Find the line that contains "destruct (HF y) as [t [Ht [_ ->]]].". Then set down that line and all the lines after it, to the end of the records, exactly and with nothing added.
+---+
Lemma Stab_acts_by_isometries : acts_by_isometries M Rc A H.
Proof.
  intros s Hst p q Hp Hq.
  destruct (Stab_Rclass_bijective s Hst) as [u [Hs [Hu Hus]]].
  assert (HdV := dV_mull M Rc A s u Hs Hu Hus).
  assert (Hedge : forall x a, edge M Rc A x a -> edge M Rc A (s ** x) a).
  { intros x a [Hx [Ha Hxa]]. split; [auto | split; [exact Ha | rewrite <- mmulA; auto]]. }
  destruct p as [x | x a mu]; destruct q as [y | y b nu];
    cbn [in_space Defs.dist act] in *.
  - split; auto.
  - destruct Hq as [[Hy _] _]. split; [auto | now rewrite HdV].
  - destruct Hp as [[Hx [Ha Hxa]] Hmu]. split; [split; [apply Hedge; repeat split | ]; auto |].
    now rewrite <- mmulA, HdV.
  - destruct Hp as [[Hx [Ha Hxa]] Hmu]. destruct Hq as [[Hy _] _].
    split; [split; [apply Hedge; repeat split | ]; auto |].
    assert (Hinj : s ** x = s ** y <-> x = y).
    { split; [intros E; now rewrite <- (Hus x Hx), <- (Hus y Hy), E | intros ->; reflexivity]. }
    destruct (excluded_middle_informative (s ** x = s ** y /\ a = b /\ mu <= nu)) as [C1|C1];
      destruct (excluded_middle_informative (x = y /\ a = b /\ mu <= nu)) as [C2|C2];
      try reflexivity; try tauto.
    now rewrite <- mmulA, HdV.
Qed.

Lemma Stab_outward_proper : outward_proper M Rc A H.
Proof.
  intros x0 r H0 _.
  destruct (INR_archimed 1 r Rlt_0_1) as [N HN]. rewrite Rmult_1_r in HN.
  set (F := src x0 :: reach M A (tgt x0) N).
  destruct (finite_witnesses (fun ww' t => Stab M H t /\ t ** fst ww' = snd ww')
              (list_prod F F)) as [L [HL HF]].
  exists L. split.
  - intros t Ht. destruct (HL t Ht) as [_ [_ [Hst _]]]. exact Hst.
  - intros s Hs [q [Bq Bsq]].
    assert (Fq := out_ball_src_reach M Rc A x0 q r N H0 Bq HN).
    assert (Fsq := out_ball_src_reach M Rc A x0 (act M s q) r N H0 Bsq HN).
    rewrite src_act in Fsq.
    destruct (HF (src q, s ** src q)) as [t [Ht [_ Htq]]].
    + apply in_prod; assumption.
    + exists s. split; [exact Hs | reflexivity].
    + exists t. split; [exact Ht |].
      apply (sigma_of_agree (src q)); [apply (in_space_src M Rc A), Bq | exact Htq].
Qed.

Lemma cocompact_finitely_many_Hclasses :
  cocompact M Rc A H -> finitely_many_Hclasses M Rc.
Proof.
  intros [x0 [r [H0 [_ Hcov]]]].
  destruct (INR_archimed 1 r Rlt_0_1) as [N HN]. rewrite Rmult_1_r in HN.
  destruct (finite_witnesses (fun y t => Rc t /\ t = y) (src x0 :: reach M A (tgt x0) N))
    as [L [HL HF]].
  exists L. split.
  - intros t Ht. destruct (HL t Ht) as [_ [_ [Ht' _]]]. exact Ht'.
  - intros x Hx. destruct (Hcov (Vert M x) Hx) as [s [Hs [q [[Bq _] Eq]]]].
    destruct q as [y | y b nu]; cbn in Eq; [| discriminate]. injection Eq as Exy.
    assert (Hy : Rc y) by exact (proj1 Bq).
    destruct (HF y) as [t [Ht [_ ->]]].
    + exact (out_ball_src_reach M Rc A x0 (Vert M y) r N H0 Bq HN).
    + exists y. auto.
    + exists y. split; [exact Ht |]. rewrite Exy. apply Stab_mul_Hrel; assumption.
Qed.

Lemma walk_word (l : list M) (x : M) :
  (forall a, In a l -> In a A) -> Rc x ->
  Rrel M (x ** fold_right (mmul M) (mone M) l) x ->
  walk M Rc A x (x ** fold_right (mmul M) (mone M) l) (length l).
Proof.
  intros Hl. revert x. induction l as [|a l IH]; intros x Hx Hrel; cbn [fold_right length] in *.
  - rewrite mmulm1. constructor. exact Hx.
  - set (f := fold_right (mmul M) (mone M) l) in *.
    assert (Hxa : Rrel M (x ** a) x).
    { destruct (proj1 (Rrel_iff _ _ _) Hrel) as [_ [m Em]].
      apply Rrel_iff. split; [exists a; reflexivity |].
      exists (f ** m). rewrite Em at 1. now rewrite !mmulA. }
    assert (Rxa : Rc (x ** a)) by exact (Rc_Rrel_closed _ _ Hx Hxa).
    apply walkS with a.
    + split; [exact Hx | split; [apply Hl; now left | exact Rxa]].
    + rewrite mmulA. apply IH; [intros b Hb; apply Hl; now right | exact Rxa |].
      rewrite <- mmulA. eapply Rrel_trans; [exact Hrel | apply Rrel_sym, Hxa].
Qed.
+---+
(EXERCISE RESULT):
    destruct (HF y) as [t [Ht [_ ->]]].
    + exact (out_ball_src_reach M Rc A x0 (Vert M y) r N H0 Bq HN).
    + exists y. auto.
    + exists y. split; [exact Ht |]. rewrite Exy. apply Stab_mul_Hrel; assumption.
Qed.

Lemma walk_word (l : list M) (x : M) :
  (forall a, In a l -> In a A) -> Rc x ->
  Rrel M (x ** fold_right (mmul M) (mone M) l) x ->
  walk M Rc A x (x ** fold_right (mmul M) (mone M) l) (length l).
Proof.
  intros Hl. revert x. induction l as [|a l IH]; intros x Hx Hrel; cbn [fold_right length] in *.
  - rewrite mmulm1. constructor. exact Hx.
  - set (f := fold_right (mmul M) (mone M) l) in *.
    assert (Hxa : Rrel M (x ** a) x).
    { destruct (proj1 (Rrel_iff _ _ _) Hrel) as [_ [m Em]].
      apply Rrel_iff. split; [exists a; reflexivity |].
      exists (f ** m). rewrite Em at 1. now rewrite !mmulA. }
    assert (Rxa : Rc (x ** a)) by exact (Rc_Rrel_closed _ _ Hx Hxa).
    apply walkS with a.
    + split; [exact Hx | split; [apply Hl; now left | exact Rxa]].
    + rewrite mmulA. apply IH; [intros b Hb; apply Hl; now right | exact Rxa |].
      rewrite <- mmulA. eapply Rrel_trans; [exact Hrel | apply Rrel_sym, Hxa].
Qed.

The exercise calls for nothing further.